◆ **Task objective**: Only one stretch of the data below is wanted: the lines starting at the one with "Lemma inc_mul_xx (f" and ending at the one with "elim: n => [|n IHn]; first by", both included, given again exactly.

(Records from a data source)
........

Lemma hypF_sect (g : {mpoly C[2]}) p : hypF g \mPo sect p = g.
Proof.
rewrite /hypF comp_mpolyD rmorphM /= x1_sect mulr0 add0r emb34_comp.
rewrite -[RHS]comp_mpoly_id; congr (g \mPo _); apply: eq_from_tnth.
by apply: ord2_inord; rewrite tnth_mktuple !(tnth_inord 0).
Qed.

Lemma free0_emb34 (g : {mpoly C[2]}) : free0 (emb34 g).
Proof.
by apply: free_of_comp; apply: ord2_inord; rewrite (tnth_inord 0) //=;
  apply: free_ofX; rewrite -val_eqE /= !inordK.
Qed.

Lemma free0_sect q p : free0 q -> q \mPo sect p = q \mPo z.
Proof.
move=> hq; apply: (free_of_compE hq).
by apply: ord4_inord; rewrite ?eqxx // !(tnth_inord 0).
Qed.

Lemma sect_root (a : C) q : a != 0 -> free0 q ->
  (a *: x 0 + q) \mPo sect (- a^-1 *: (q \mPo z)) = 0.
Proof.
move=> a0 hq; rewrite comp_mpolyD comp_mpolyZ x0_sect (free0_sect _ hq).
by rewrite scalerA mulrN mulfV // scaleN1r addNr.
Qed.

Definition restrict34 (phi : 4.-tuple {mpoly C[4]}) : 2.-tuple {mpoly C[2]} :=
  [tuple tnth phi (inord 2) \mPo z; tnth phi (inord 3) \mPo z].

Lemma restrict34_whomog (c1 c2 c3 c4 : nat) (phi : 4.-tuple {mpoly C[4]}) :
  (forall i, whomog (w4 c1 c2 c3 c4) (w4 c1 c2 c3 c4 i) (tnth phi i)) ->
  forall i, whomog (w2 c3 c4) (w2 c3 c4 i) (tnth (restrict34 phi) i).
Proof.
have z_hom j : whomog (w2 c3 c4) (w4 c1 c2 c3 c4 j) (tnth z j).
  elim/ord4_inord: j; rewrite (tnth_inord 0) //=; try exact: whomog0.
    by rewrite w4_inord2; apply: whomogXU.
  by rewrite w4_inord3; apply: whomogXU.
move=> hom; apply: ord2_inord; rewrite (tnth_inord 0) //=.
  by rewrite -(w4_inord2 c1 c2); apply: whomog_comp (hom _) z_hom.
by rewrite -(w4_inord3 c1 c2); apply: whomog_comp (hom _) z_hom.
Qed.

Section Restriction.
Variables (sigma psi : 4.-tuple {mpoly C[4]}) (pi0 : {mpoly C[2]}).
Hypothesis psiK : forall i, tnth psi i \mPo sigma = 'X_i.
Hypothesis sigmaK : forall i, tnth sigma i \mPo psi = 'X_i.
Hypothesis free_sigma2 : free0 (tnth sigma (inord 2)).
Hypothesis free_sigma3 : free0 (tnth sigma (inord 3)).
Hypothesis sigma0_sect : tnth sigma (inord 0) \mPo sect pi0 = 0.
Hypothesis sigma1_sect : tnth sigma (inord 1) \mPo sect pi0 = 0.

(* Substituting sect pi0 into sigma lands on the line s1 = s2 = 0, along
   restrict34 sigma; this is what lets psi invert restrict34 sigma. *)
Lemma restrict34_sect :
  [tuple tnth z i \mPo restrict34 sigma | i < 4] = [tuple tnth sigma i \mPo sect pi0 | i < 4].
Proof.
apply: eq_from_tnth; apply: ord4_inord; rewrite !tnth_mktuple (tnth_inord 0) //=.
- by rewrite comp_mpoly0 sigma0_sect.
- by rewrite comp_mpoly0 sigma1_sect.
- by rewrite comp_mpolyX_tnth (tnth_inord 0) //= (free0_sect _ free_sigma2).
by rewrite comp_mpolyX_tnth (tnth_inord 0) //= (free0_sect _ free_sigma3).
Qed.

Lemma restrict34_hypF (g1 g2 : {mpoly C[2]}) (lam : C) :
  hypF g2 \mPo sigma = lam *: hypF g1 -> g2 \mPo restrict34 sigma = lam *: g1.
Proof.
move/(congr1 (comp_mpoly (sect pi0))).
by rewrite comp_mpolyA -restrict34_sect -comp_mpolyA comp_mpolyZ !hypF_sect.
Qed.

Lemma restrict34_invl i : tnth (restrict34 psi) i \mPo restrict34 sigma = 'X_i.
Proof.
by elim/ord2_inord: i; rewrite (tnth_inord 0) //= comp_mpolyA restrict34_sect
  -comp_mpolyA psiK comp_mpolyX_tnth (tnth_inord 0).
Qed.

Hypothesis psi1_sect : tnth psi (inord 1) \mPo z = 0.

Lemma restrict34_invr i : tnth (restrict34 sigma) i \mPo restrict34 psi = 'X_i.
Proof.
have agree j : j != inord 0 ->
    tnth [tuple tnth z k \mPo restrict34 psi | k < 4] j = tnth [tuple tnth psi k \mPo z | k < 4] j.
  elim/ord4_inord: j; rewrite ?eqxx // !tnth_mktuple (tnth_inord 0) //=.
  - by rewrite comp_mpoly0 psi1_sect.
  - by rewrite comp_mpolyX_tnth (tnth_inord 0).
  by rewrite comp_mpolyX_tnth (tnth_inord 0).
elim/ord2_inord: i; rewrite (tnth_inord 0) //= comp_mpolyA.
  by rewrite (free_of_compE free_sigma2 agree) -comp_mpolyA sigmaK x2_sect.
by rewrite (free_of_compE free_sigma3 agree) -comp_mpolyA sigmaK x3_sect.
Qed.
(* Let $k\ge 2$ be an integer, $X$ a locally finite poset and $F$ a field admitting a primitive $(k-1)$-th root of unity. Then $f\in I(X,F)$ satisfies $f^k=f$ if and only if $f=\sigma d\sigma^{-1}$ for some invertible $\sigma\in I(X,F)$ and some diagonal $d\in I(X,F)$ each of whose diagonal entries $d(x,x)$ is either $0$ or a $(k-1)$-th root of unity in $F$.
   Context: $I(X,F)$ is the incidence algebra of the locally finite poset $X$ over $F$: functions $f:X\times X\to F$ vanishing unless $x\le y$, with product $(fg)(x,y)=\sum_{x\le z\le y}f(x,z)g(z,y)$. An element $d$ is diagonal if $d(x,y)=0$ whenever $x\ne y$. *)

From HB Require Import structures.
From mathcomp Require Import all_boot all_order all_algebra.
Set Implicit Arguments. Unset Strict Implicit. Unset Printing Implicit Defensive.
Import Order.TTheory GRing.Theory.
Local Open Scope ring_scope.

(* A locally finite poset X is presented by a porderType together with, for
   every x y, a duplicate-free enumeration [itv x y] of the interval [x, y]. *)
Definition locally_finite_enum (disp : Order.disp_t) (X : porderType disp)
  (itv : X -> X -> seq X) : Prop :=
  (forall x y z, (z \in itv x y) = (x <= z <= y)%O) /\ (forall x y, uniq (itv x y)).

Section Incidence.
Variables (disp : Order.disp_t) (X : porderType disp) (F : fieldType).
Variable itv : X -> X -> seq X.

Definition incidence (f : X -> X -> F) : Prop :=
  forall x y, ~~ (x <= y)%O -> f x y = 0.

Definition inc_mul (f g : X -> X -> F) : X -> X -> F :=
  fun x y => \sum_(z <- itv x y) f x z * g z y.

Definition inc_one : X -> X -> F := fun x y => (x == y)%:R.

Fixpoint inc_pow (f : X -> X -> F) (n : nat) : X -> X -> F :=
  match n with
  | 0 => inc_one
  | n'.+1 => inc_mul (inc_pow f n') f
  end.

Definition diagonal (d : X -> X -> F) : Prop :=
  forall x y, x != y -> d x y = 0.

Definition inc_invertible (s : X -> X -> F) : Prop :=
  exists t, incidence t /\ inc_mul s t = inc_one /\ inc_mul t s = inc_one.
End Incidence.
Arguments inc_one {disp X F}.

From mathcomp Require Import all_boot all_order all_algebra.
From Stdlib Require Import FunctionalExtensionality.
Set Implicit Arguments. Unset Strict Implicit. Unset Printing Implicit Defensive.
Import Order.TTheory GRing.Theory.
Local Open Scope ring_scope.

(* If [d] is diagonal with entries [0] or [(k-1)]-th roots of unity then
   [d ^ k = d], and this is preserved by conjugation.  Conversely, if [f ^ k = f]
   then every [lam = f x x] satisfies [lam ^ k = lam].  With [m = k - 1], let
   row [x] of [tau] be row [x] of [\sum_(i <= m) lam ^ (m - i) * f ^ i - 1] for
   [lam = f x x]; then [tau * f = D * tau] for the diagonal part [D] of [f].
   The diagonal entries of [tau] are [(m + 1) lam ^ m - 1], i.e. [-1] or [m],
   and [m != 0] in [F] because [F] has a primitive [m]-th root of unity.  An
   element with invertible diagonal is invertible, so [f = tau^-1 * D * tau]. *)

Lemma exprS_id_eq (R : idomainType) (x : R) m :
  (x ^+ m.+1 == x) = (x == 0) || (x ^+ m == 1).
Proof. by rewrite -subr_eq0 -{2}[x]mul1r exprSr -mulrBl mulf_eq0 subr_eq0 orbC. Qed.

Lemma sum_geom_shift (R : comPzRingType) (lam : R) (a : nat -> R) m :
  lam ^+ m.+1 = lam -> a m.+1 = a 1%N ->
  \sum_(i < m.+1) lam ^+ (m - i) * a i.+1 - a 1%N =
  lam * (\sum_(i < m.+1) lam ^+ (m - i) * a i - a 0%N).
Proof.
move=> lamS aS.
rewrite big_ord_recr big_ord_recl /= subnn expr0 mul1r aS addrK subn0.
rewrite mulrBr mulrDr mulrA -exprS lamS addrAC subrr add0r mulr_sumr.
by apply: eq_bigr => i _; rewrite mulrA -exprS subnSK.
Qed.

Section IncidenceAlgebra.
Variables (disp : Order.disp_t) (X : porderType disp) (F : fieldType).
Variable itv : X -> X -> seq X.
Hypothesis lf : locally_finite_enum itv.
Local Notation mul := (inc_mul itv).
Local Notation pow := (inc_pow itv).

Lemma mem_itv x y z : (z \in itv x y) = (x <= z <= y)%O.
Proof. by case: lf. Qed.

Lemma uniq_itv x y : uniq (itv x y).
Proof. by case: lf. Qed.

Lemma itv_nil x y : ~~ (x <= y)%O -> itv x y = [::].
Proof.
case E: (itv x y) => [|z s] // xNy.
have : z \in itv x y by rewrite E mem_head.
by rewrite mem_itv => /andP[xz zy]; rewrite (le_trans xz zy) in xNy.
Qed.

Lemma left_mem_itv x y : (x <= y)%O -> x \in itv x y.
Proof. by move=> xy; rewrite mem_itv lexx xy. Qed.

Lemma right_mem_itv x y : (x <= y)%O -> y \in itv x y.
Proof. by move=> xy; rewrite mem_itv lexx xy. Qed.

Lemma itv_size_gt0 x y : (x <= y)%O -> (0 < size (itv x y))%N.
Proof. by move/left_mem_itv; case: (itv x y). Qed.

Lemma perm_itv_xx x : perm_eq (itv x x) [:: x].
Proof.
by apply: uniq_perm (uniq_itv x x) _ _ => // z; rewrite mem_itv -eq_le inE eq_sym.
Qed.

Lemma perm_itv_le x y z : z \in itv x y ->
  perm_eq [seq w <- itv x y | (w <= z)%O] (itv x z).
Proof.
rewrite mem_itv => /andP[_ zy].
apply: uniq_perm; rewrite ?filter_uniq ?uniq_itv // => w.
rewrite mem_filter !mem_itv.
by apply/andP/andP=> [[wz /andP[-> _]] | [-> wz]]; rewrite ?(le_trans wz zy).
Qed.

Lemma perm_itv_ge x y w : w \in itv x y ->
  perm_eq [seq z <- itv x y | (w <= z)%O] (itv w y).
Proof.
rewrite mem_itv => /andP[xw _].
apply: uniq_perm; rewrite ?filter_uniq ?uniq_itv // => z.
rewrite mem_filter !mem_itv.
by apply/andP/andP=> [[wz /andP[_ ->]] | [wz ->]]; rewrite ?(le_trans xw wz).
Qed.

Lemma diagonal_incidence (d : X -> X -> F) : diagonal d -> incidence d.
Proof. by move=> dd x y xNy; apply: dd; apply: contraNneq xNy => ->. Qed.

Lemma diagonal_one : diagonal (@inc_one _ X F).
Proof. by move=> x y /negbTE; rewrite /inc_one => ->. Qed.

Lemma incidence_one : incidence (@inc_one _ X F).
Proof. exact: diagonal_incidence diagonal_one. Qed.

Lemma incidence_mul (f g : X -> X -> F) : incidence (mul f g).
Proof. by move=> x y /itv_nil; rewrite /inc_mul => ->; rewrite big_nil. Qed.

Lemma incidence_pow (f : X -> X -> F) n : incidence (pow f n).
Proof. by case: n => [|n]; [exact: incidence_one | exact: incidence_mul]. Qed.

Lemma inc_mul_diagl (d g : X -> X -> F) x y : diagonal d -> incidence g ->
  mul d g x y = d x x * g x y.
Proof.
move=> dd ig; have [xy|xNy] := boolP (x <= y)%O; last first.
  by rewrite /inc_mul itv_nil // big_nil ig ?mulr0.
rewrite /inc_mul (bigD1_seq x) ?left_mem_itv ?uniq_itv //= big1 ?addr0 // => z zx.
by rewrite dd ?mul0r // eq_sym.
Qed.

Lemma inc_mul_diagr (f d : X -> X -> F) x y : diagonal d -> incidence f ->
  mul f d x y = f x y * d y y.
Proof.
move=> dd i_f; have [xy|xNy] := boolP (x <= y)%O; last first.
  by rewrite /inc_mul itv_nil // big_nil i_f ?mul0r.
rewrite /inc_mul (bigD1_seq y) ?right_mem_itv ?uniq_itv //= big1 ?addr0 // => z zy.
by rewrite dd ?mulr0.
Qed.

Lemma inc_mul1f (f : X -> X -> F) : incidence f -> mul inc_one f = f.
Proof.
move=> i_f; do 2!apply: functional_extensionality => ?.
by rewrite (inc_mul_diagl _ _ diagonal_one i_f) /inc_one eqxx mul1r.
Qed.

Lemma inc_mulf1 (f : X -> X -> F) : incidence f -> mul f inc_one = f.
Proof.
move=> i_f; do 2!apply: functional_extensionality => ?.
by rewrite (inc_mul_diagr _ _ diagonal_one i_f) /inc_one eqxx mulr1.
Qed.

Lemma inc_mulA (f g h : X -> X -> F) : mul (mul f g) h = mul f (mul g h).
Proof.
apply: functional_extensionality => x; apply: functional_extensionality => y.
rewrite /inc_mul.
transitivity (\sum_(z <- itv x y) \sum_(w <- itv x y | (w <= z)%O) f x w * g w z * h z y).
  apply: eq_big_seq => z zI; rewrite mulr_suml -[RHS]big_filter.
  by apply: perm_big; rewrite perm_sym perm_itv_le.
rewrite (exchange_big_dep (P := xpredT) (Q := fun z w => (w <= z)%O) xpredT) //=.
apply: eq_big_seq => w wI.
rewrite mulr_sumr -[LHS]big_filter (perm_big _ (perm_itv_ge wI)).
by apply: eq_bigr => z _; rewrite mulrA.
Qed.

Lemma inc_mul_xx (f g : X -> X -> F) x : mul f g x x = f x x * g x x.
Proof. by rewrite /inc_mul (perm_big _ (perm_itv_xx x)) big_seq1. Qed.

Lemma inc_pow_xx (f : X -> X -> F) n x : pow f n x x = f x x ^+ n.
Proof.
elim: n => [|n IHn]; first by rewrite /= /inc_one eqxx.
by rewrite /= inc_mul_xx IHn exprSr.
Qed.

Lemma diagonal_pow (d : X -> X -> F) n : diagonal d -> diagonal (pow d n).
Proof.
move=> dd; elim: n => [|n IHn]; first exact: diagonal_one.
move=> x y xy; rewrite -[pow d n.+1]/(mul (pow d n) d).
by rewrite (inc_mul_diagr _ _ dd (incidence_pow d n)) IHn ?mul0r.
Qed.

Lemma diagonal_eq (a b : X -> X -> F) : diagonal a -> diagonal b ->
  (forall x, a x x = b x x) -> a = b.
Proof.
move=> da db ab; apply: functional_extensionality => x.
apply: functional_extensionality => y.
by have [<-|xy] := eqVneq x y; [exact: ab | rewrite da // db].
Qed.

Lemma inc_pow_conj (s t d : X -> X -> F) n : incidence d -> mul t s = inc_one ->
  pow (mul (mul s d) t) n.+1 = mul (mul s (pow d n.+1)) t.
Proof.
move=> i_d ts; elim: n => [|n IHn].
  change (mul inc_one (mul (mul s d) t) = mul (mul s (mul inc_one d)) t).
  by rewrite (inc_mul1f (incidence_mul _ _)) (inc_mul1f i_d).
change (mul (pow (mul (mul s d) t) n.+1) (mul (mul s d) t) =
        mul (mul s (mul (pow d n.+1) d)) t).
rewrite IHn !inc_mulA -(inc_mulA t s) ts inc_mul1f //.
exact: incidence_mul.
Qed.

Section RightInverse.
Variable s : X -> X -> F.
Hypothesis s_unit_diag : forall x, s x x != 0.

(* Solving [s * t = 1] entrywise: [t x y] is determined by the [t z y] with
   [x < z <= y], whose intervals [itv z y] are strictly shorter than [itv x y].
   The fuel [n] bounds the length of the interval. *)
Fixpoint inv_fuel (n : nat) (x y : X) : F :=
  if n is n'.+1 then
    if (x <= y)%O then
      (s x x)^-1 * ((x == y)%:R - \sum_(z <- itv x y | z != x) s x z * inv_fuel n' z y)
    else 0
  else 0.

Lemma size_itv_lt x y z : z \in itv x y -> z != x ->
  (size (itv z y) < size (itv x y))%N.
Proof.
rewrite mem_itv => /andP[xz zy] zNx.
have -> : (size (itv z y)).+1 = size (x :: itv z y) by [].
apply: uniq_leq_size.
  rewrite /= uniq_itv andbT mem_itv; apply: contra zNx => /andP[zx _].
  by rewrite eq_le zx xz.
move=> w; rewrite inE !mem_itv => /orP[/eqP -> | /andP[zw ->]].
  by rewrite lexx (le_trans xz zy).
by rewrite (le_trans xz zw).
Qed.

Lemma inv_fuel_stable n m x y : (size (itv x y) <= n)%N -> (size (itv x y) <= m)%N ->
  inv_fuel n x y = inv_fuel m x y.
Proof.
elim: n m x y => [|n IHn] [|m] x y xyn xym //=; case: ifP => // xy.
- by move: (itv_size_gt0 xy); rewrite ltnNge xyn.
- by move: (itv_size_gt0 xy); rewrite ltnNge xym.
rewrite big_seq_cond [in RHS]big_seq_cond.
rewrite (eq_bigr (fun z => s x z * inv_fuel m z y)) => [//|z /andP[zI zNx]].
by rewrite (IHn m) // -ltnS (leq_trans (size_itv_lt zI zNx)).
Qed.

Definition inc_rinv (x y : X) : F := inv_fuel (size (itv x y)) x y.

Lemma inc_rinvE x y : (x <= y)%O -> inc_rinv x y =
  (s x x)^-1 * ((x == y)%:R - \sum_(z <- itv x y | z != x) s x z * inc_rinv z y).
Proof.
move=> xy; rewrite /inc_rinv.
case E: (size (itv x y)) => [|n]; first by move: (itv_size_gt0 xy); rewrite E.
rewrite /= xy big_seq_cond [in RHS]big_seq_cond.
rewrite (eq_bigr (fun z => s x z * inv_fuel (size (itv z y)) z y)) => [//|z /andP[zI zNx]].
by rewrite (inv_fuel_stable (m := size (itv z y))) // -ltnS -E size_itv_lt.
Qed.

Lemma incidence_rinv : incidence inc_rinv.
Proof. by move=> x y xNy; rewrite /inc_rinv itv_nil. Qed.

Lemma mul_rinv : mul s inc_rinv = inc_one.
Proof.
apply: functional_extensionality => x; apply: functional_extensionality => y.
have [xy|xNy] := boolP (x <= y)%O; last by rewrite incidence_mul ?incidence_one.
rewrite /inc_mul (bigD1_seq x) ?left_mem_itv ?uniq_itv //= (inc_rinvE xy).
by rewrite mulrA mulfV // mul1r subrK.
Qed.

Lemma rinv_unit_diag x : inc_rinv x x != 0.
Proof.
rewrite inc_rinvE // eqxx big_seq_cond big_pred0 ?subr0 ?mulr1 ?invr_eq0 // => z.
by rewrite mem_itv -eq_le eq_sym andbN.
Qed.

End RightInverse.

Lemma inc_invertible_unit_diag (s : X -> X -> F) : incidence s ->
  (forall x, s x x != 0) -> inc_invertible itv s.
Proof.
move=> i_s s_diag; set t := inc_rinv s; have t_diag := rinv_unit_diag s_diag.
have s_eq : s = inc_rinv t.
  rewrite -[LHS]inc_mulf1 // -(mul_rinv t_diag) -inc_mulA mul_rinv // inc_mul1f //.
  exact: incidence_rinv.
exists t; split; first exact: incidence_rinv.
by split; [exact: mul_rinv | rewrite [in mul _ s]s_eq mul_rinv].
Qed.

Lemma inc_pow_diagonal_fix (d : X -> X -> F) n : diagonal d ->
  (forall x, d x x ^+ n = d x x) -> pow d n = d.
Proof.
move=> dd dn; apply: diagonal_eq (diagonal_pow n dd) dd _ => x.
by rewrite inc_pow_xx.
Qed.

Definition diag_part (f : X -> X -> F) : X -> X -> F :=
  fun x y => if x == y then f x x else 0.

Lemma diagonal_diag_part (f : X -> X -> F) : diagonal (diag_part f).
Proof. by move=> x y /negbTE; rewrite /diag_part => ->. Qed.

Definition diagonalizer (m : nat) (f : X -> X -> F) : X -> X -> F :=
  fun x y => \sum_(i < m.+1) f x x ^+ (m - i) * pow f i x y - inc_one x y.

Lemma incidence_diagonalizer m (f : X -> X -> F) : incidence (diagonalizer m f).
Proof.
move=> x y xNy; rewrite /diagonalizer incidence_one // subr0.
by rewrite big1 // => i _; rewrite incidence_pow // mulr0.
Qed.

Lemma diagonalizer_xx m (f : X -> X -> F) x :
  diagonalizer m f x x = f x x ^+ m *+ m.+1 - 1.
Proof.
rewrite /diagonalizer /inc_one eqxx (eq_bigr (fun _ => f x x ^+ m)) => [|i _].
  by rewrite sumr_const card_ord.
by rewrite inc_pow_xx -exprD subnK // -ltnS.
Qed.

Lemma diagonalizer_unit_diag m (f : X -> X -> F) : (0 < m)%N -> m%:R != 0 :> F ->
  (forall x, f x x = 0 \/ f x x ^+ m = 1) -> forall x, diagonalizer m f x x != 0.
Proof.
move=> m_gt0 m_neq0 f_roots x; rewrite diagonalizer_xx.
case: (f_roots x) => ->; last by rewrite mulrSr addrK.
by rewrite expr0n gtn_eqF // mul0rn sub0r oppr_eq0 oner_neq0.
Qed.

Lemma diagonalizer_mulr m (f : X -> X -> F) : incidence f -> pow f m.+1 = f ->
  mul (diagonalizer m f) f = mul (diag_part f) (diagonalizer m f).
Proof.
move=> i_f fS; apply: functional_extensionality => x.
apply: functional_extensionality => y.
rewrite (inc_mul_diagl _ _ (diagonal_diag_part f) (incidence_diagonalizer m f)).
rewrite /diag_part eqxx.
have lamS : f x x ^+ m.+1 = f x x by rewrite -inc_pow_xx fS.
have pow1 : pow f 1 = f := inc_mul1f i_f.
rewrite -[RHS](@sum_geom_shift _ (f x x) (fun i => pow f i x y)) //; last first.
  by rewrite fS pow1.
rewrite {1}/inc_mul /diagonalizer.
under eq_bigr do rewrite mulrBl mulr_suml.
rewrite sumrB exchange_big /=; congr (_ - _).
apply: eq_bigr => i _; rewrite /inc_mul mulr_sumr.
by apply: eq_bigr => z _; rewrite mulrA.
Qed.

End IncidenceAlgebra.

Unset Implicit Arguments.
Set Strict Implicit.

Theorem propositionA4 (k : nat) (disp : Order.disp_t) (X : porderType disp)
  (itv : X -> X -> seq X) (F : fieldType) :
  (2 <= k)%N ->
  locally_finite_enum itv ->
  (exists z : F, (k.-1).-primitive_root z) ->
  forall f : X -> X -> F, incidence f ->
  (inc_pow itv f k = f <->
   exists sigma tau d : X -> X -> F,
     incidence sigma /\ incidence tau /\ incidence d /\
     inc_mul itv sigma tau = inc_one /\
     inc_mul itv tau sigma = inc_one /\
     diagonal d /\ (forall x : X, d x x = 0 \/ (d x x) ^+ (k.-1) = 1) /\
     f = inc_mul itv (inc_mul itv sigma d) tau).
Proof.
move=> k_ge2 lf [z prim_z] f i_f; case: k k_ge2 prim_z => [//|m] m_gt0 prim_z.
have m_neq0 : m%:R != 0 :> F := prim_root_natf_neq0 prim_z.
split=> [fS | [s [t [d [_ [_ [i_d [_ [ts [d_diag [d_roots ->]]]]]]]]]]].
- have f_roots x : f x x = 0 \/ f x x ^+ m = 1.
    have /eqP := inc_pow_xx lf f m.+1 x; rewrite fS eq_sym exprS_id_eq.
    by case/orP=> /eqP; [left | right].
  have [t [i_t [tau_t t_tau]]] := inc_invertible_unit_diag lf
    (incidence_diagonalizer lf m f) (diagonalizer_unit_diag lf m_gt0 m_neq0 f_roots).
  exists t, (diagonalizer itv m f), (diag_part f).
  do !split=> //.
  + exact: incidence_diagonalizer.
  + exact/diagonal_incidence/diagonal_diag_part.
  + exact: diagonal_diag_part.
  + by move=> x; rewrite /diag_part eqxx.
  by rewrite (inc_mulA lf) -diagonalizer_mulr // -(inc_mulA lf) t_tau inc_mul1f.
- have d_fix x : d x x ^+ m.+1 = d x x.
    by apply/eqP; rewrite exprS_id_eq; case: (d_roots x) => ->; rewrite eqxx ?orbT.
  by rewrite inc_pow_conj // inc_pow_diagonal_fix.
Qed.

........

◆ **Task solution**:
Lemma inc_mul_xx (f g : X -> X -> F) x : mul f g x x = f x x * g x x.
Proof. by rewrite /inc_mul (perm_big _ (perm_itv_xx x)) big_seq1. Qed.

Lemma inc_pow_xx (f : X -> X -> F) n x : pow f n x x = f x x ^+ n.
Proof.
elim: n => [|n IHn]; first by rewrite /= /inc_one eqxx.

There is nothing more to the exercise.